╭─ STORED DATA
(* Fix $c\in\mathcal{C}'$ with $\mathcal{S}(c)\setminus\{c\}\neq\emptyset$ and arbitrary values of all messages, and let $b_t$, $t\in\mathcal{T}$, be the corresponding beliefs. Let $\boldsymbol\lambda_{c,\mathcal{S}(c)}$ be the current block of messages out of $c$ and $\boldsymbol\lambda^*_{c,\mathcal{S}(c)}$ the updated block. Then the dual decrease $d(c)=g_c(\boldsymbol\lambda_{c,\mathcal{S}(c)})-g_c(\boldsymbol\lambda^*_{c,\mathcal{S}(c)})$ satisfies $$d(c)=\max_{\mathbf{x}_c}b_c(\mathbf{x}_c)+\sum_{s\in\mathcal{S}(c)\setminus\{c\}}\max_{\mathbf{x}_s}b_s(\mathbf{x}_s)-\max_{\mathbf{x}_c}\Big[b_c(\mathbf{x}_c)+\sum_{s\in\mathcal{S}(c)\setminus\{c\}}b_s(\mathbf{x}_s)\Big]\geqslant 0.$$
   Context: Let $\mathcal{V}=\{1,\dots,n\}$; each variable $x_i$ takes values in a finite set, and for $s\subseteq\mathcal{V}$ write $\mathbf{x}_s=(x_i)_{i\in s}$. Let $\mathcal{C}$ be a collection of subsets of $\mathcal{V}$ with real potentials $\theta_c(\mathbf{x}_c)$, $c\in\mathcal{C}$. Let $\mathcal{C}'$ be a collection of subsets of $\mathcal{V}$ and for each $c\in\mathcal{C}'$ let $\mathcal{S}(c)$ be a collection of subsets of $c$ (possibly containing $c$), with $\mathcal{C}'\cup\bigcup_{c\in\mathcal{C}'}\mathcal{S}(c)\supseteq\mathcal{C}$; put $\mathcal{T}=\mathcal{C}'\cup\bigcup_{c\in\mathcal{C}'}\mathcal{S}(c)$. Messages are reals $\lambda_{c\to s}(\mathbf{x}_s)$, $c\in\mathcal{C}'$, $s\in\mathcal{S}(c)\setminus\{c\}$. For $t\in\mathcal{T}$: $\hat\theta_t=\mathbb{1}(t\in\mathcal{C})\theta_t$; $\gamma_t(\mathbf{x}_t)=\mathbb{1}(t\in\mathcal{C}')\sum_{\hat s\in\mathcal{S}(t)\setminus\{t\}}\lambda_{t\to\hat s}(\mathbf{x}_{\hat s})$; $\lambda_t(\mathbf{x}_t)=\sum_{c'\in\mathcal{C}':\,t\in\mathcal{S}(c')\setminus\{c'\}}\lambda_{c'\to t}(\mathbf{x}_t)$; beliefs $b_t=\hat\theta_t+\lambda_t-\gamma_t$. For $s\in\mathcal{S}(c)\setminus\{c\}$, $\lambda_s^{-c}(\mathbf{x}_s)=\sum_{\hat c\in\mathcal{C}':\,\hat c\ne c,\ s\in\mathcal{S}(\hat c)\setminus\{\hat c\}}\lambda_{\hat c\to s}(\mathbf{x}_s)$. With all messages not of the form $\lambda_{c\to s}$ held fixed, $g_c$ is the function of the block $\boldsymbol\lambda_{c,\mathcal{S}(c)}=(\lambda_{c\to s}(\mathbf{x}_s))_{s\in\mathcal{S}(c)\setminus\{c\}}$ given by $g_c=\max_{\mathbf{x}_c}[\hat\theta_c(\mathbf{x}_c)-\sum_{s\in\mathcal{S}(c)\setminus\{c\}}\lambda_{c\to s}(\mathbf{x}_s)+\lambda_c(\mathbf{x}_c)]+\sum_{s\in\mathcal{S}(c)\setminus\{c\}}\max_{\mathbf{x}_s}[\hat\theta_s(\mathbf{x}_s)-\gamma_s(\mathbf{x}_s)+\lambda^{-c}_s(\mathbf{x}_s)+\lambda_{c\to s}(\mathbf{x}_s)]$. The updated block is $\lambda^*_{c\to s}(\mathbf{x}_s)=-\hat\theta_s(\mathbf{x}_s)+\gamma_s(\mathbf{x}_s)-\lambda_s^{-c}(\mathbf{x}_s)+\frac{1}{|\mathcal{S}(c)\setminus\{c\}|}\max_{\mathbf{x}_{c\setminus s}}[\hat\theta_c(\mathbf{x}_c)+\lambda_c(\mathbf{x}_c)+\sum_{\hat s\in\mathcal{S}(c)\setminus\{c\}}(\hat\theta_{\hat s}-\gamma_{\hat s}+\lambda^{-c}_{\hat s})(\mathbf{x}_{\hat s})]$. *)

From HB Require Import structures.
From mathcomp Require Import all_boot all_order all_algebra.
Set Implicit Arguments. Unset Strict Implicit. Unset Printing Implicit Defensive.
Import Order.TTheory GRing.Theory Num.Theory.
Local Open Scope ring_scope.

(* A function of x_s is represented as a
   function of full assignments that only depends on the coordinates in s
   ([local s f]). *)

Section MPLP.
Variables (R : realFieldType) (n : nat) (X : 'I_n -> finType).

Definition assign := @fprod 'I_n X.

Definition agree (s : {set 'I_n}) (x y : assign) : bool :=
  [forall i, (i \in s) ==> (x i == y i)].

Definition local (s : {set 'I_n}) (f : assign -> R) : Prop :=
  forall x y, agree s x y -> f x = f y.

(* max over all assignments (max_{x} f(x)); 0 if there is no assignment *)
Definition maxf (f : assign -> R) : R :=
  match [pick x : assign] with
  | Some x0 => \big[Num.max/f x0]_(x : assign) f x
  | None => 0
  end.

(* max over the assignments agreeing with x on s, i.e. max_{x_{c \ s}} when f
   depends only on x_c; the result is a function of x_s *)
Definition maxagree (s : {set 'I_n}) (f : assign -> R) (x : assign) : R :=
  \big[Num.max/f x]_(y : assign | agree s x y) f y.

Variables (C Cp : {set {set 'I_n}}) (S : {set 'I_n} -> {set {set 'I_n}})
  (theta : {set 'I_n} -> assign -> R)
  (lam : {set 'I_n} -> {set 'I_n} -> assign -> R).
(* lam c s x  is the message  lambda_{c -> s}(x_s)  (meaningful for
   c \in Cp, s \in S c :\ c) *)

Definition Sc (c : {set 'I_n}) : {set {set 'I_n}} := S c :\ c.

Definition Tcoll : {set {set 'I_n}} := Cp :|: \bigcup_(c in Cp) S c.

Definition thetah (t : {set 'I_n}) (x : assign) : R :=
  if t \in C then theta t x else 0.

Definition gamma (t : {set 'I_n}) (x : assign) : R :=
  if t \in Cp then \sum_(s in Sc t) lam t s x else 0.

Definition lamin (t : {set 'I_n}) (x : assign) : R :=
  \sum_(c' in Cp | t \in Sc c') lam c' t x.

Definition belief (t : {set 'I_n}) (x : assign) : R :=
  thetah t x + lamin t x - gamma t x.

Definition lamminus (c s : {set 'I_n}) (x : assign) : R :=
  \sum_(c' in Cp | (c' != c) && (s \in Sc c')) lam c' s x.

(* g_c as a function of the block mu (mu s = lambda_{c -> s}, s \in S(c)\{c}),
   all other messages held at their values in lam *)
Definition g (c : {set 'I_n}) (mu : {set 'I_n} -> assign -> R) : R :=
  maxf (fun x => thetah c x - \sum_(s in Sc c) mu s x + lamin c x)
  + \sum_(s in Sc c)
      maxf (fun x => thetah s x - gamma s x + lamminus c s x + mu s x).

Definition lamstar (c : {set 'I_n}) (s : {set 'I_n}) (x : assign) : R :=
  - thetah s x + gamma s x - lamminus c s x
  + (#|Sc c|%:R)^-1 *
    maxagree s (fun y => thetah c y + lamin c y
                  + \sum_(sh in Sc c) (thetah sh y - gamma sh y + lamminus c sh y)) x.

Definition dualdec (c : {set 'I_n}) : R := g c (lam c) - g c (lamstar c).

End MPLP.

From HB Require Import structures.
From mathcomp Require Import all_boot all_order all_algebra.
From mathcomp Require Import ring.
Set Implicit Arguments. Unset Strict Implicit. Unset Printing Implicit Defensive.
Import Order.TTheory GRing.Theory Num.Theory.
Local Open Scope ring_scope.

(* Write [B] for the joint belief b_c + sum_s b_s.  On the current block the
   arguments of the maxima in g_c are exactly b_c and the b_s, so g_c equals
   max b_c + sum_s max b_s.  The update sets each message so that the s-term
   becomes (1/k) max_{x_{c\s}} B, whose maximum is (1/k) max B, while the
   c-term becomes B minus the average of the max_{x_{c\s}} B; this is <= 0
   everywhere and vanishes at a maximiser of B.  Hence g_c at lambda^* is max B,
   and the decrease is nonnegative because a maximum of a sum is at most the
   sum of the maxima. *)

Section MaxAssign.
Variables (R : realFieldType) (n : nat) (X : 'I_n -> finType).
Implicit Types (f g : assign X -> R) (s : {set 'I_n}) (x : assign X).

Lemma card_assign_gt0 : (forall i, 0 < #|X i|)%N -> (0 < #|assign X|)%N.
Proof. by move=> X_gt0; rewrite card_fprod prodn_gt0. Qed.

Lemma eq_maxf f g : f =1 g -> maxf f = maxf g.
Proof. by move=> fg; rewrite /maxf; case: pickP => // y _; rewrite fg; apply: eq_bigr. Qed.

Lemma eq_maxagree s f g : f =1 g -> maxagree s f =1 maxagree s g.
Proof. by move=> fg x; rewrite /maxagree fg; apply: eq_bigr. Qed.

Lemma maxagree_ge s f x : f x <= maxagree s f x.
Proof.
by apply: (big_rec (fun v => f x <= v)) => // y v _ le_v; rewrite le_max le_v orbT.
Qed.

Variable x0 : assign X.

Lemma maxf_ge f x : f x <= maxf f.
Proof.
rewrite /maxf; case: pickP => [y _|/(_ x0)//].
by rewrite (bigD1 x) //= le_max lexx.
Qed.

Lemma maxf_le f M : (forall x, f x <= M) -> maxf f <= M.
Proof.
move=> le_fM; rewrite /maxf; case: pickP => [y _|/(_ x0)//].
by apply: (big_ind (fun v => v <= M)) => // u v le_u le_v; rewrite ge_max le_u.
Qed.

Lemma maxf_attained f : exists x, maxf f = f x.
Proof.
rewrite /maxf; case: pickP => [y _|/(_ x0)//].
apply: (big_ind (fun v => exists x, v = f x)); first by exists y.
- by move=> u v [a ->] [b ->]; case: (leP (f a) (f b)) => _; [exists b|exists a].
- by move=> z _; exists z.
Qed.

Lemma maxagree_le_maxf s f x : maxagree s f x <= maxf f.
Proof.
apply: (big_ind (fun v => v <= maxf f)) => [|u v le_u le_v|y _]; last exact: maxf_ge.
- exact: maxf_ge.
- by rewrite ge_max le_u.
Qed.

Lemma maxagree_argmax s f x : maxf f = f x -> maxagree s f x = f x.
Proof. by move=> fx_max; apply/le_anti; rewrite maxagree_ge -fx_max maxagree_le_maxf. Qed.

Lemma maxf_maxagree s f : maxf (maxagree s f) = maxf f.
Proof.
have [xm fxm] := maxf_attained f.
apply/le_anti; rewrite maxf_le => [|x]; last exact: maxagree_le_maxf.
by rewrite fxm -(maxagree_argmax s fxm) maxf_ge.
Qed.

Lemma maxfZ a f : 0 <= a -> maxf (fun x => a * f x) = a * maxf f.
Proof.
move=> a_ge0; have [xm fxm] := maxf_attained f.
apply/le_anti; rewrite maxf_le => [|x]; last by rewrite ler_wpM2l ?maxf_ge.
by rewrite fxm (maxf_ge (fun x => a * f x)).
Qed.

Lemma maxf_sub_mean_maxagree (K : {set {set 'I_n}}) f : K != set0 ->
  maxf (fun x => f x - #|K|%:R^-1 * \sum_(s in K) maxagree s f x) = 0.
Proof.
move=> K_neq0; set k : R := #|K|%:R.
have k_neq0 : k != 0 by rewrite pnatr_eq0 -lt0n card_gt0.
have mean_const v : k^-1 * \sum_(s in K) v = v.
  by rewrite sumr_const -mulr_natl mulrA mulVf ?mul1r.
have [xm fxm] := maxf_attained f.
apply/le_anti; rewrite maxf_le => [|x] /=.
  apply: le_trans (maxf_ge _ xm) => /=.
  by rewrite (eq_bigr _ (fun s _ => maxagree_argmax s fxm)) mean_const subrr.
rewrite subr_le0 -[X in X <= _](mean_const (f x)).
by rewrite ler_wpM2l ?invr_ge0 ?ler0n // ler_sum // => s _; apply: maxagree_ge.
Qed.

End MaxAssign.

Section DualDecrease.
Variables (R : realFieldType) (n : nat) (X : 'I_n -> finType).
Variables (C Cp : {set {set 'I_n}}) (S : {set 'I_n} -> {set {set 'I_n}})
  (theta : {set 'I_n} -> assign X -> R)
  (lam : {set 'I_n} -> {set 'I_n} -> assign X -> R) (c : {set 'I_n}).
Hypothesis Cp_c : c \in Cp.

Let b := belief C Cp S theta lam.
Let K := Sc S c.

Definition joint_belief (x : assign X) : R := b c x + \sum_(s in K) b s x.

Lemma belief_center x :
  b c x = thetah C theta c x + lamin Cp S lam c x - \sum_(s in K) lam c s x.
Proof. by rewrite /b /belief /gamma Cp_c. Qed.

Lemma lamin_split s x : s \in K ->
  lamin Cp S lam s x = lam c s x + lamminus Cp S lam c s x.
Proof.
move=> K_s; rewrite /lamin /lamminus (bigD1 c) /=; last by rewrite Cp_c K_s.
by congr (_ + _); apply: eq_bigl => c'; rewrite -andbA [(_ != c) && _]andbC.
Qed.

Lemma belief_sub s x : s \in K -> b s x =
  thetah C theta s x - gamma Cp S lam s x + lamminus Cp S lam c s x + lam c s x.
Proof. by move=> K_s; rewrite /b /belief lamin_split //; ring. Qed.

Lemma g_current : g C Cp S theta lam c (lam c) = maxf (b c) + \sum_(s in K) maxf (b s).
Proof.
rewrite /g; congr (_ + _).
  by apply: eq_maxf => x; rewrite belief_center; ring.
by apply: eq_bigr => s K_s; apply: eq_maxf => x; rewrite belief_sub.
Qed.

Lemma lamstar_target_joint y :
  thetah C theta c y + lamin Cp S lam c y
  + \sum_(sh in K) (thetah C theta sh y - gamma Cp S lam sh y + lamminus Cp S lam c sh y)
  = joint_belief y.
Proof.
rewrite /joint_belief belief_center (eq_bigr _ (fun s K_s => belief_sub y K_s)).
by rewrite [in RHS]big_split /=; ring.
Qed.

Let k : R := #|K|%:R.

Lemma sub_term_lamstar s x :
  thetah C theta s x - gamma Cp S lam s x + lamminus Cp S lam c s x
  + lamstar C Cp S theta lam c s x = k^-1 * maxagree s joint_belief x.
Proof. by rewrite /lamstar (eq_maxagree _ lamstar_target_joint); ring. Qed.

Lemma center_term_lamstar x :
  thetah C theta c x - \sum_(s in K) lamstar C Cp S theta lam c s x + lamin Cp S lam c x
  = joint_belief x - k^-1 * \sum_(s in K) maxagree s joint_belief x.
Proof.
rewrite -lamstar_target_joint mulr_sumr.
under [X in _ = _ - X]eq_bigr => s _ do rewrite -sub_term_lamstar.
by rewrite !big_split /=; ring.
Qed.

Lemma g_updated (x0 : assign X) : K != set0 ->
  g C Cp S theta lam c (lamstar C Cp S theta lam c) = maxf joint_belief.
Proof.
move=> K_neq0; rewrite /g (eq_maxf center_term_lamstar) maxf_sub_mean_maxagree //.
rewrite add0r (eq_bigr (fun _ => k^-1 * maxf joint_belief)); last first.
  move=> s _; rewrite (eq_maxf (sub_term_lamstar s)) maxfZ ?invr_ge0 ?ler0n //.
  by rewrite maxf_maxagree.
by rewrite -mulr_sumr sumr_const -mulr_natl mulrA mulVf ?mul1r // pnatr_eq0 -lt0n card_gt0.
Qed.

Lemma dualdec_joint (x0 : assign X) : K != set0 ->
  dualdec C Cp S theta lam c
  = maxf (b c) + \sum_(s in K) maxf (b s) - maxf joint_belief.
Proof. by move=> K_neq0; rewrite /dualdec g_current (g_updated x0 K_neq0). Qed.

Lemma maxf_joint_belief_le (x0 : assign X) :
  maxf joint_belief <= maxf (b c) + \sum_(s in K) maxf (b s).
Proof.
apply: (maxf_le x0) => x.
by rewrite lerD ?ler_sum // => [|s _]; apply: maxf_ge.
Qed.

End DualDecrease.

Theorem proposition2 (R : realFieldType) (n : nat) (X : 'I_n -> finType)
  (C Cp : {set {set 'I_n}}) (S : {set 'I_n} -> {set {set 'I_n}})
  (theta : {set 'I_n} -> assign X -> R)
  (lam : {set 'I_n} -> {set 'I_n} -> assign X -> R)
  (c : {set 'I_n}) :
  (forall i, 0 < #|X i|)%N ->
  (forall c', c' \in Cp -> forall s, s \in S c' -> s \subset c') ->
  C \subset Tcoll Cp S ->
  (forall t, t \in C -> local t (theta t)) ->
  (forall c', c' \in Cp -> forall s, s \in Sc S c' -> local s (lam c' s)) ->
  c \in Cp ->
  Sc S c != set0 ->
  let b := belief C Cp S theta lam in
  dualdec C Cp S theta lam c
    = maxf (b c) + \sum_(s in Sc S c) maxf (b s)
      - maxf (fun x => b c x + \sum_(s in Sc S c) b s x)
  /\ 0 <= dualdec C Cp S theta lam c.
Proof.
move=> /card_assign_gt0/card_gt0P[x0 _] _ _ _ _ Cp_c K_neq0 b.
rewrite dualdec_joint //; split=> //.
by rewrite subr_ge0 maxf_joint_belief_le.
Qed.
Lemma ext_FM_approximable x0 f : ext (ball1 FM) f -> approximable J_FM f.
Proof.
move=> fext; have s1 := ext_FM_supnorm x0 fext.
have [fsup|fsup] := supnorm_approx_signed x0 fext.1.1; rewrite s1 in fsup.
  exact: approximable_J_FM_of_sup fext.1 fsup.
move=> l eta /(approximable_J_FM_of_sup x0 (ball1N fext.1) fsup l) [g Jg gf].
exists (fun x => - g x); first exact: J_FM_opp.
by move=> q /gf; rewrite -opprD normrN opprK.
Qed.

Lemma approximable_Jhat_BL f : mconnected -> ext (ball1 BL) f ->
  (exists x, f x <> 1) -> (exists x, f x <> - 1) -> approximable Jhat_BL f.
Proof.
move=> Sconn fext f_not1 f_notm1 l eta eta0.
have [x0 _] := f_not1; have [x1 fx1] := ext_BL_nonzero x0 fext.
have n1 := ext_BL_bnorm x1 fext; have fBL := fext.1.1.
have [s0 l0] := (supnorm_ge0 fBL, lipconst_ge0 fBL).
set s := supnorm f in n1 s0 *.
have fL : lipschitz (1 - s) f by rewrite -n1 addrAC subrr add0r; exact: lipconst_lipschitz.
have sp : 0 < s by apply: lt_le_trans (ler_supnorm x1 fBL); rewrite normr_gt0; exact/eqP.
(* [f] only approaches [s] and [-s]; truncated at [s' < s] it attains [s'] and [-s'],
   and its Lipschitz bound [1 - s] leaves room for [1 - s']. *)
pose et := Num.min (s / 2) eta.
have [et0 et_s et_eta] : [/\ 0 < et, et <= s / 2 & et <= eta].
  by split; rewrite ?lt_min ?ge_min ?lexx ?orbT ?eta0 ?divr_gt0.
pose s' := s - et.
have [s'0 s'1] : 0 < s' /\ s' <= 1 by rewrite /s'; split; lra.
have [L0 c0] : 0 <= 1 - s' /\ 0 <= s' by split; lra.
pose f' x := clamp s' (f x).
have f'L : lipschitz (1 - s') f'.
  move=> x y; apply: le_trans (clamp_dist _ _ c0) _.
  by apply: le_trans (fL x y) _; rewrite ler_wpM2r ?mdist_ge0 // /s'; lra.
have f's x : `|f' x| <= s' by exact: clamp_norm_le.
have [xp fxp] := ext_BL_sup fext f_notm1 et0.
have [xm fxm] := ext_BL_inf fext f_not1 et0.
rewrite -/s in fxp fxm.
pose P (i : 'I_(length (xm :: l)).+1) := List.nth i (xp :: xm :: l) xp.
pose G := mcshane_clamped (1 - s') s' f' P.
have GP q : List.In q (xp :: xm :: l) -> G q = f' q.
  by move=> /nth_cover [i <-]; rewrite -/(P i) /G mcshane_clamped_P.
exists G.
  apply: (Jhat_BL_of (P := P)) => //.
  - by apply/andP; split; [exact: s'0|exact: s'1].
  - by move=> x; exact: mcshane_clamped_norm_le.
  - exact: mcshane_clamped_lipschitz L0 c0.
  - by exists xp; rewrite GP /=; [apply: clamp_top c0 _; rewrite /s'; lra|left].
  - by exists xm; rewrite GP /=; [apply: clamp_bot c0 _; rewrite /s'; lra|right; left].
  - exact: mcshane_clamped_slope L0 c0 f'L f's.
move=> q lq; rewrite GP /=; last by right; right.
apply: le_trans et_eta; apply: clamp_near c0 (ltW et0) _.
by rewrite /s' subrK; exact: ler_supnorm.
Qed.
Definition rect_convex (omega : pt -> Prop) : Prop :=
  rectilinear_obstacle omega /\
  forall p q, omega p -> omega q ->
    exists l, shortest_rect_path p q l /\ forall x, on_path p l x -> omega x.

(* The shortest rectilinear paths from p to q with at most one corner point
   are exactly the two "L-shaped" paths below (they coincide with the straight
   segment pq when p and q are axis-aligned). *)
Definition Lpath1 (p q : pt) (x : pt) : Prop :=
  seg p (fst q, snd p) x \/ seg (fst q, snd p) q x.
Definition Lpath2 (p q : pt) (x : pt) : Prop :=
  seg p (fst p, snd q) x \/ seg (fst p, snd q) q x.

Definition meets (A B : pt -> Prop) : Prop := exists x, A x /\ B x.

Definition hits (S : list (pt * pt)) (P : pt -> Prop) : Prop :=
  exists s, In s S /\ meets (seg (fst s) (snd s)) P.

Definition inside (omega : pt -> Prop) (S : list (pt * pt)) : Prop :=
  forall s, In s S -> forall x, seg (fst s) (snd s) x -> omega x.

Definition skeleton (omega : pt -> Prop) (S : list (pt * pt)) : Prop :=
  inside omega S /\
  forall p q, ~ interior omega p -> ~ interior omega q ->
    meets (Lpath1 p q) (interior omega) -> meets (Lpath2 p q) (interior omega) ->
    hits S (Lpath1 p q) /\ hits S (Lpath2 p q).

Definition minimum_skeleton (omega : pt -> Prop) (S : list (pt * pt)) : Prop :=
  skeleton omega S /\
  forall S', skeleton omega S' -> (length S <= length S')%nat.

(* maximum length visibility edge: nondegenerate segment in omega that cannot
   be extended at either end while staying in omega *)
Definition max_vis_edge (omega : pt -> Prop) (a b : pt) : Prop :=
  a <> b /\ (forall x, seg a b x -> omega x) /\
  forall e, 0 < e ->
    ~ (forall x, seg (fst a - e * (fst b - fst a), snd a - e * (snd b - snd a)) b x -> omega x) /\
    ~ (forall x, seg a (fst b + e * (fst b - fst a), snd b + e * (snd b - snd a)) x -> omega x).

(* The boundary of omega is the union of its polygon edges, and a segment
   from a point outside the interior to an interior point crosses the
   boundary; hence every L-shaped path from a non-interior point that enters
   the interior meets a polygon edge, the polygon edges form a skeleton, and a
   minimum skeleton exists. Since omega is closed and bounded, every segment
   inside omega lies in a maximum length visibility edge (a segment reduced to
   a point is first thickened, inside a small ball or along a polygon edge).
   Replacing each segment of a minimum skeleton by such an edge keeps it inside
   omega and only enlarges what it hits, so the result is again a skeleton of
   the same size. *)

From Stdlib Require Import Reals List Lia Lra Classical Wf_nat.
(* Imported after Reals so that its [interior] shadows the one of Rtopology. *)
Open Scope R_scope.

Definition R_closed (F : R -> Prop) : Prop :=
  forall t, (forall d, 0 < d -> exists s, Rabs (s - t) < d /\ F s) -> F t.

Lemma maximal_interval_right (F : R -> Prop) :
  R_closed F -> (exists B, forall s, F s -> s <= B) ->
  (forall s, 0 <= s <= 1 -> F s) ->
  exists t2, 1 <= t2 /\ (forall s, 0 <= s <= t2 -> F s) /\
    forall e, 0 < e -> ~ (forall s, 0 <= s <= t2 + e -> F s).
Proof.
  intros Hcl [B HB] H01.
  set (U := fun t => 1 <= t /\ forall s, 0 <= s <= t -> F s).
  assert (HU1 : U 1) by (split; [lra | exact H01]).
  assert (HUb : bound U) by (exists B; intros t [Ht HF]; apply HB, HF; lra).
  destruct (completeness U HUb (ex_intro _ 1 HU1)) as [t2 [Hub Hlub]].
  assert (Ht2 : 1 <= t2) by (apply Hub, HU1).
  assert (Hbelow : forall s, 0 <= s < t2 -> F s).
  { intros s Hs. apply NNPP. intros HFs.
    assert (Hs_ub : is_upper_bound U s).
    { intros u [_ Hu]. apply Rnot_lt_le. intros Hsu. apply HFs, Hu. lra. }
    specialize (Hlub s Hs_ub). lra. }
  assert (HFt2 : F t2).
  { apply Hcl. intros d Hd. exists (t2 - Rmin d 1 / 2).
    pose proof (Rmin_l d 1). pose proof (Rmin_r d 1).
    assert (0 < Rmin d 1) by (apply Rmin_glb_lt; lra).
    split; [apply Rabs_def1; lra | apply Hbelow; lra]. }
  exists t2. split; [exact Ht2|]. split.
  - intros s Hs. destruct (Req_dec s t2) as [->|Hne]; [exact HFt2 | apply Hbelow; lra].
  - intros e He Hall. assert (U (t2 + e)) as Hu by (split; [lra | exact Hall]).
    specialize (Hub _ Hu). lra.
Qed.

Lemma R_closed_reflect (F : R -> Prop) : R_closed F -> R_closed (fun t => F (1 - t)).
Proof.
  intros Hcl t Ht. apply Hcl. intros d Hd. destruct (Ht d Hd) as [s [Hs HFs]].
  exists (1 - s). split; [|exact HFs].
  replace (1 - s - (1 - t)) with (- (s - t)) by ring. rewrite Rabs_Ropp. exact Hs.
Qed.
╰─
- _BRIEF_: Using the records above, copy word for word the line with "Definition thetah (t", the line with "maxf (fun x => thetah s", and every line between them.

- _RESULT BELOW_:
Definition thetah (t : {set 'I_n}) (x : assign) : R :=
  if t \in C then theta t x else 0.

Definition gamma (t : {set 'I_n}) (x : assign) : R :=
  if t \in Cp then \sum_(s in Sc t) lam t s x else 0.

Definition lamin (t : {set 'I_n}) (x : assign) : R :=
  \sum_(c' in Cp | t \in Sc c') lam c' t x.

Definition belief (t : {set 'I_n}) (x : assign) : R :=
  thetah t x + lamin t x - gamma t x.

Definition lamminus (c s : {set 'I_n}) (x : assign) : R :=
  \sum_(c' in Cp | (c' != c) && (s \in Sc c')) lam c' s x.

(* g_c as a function of the block mu (mu s = lambda_{c -> s}, s \in S(c)\{c}),
   all other messages held at their values in lam *)
Definition g (c : {set 'I_n}) (mu : {set 'I_n} -> assign -> R) : R :=
  maxf (fun x => thetah c x - \sum_(s in Sc c) mu s x + lamin c x)
  + \sum_(s in Sc c)
      maxf (fun x => thetah s x - gamma s x + lamminus c s x + mu s x).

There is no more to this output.